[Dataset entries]

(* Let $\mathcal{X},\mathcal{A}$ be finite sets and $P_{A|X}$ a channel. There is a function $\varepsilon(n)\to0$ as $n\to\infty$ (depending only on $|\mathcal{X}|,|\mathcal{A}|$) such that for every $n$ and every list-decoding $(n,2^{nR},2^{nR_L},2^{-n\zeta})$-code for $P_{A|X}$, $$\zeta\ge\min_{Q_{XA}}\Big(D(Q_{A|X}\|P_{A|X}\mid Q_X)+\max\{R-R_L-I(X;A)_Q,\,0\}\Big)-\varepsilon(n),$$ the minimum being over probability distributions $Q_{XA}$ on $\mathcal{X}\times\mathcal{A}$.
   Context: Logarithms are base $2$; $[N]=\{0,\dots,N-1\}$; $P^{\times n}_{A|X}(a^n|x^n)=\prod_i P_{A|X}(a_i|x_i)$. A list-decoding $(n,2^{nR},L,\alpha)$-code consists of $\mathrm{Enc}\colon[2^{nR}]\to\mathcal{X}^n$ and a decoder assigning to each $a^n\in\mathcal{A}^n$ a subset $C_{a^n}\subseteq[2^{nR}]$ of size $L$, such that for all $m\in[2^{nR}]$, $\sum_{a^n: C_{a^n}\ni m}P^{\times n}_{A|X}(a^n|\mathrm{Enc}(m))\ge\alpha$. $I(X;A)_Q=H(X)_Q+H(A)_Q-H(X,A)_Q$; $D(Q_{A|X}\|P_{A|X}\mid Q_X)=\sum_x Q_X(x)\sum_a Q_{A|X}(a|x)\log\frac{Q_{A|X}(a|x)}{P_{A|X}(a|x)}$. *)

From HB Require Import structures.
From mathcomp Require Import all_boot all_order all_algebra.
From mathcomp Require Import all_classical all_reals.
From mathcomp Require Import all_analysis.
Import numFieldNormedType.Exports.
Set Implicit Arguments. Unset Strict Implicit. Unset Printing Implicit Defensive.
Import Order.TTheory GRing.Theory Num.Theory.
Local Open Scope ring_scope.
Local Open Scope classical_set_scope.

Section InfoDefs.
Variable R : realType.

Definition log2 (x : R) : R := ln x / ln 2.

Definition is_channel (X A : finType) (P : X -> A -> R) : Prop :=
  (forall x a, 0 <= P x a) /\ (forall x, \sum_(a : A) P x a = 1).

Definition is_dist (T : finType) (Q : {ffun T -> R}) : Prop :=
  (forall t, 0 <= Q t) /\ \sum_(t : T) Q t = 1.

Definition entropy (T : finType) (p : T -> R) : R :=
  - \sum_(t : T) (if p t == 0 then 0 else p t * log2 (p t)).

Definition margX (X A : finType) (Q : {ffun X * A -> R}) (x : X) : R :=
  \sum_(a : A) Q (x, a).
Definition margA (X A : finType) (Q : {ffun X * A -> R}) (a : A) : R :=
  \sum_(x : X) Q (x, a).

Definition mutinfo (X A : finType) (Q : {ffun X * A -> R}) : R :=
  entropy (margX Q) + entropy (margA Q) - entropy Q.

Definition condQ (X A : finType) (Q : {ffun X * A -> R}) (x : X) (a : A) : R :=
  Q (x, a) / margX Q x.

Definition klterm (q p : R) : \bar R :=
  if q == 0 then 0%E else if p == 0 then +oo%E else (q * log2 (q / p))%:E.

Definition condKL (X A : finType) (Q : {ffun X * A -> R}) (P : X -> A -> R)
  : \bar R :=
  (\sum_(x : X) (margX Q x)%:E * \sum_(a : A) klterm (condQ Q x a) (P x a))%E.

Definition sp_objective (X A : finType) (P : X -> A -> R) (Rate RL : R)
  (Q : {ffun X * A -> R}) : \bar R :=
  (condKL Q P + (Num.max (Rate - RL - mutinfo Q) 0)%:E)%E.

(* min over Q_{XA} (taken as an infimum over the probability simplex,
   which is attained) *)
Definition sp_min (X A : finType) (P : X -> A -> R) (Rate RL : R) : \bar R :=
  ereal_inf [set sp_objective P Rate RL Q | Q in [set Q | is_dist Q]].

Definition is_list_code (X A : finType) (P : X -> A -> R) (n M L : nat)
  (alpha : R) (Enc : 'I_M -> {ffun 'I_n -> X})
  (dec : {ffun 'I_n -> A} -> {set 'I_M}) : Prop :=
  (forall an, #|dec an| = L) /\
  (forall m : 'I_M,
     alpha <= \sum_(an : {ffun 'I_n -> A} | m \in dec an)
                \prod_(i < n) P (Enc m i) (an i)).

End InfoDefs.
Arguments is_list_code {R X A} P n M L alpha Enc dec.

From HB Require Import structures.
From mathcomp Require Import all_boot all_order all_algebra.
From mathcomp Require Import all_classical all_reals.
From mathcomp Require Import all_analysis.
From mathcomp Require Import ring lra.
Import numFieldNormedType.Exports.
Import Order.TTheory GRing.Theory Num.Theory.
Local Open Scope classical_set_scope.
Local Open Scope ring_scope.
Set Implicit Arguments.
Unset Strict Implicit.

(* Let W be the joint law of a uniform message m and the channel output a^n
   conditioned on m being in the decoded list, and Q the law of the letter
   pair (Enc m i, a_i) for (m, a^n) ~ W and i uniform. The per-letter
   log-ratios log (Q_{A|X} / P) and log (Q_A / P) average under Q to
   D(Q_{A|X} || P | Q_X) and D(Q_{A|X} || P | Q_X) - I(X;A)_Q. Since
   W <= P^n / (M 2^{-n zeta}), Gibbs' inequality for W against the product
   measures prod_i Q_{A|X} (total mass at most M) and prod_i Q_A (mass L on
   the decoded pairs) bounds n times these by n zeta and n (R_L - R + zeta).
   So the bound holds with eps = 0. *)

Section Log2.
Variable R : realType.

...

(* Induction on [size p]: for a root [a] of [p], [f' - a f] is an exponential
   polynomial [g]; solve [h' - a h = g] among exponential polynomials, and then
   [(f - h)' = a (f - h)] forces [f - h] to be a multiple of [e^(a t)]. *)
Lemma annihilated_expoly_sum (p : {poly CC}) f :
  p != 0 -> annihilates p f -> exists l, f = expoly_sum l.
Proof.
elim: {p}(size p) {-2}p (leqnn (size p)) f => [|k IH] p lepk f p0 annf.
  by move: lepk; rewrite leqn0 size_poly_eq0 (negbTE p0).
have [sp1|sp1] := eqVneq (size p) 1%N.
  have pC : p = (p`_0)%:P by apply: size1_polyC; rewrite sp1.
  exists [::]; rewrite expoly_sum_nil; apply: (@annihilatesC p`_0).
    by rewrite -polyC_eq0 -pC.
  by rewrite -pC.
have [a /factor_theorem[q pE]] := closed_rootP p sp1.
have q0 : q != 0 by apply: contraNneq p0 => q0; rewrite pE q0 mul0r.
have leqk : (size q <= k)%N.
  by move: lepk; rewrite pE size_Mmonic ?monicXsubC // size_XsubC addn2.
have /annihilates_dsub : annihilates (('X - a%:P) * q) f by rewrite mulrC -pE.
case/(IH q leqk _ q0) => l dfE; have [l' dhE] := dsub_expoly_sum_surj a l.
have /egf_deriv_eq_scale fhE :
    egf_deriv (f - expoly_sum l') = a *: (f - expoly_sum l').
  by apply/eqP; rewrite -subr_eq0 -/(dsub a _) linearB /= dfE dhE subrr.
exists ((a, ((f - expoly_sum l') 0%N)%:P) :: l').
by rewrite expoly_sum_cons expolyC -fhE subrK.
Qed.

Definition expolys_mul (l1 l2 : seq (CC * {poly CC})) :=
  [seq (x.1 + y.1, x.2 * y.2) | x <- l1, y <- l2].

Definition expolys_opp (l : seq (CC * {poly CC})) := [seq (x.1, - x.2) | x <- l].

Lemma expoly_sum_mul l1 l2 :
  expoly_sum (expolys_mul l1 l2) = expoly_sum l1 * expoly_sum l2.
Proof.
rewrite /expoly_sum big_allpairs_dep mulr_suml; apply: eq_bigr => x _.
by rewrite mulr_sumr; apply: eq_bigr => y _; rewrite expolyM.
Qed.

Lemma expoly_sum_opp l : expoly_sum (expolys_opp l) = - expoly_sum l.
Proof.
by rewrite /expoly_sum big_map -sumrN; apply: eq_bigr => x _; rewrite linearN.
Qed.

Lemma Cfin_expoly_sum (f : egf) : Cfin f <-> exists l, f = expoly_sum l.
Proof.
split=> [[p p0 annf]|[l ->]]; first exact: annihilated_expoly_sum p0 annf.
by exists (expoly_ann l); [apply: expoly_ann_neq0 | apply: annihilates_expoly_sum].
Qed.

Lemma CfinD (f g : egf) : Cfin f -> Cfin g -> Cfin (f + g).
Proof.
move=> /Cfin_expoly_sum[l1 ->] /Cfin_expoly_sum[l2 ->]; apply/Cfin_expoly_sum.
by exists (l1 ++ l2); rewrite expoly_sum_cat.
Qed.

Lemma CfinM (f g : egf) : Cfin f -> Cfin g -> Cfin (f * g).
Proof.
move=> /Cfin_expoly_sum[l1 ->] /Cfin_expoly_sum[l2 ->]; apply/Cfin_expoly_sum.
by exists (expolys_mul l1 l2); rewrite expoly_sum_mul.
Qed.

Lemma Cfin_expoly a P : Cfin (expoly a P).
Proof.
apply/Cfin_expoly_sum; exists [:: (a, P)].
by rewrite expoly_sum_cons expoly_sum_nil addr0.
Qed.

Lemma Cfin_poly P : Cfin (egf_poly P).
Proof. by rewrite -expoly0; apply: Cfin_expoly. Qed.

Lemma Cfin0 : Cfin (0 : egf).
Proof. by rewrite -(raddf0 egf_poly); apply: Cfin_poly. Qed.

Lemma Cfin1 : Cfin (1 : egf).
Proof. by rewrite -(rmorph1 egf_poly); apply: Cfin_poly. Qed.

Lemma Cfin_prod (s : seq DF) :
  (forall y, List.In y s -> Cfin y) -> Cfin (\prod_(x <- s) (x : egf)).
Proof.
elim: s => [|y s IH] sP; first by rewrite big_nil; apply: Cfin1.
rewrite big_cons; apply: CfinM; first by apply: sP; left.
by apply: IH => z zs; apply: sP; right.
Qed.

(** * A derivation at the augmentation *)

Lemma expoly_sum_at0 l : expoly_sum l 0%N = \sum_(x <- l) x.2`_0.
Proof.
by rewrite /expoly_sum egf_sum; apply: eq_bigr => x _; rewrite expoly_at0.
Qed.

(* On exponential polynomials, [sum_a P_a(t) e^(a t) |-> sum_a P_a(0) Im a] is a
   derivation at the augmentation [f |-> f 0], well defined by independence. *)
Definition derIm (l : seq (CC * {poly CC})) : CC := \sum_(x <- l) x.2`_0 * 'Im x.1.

_REQUIRED ACTION_:
Return only the lines between the one holding "Lemma Cfin1 : Cfin (1 : egf)." and the one holding "Definition derIm (l", inclusive, exactly as they appear above.

_EXERCISE RESULT_:
Lemma Cfin1 : Cfin (1 : egf).
Proof. by rewrite -(rmorph1 egf_poly); apply: Cfin_poly. Qed.

Lemma Cfin_prod (s : seq DF) :
  (forall y, List.In y s -> Cfin y) -> Cfin (\prod_(x <- s) (x : egf)).
Proof.
elim: s => [|y s IH] sP; first by rewrite big_nil; apply: Cfin1.
rewrite big_cons; apply: CfinM; first by apply: sP; left.
by apply: IH => z zs; apply: sP; right.
Qed.

(** * A derivation at the augmentation *)

Lemma expoly_sum_at0 l : expoly_sum l 0%N = \sum_(x <- l) x.2`_0.
Proof.
by rewrite /expoly_sum egf_sum; apply: eq_bigr => x _; rewrite expoly_at0.
Qed.

(* On exponential polynomials, [sum_a P_a(t) e^(a t) |-> sum_a P_a(0) Im a] is a
   derivation at the augmentation [f |-> f 0], well defined by independence. *)
Definition derIm (l : seq (CC * {poly CC})) : CC := \sum_(x <- l) x.2`_0 * 'Im x.1.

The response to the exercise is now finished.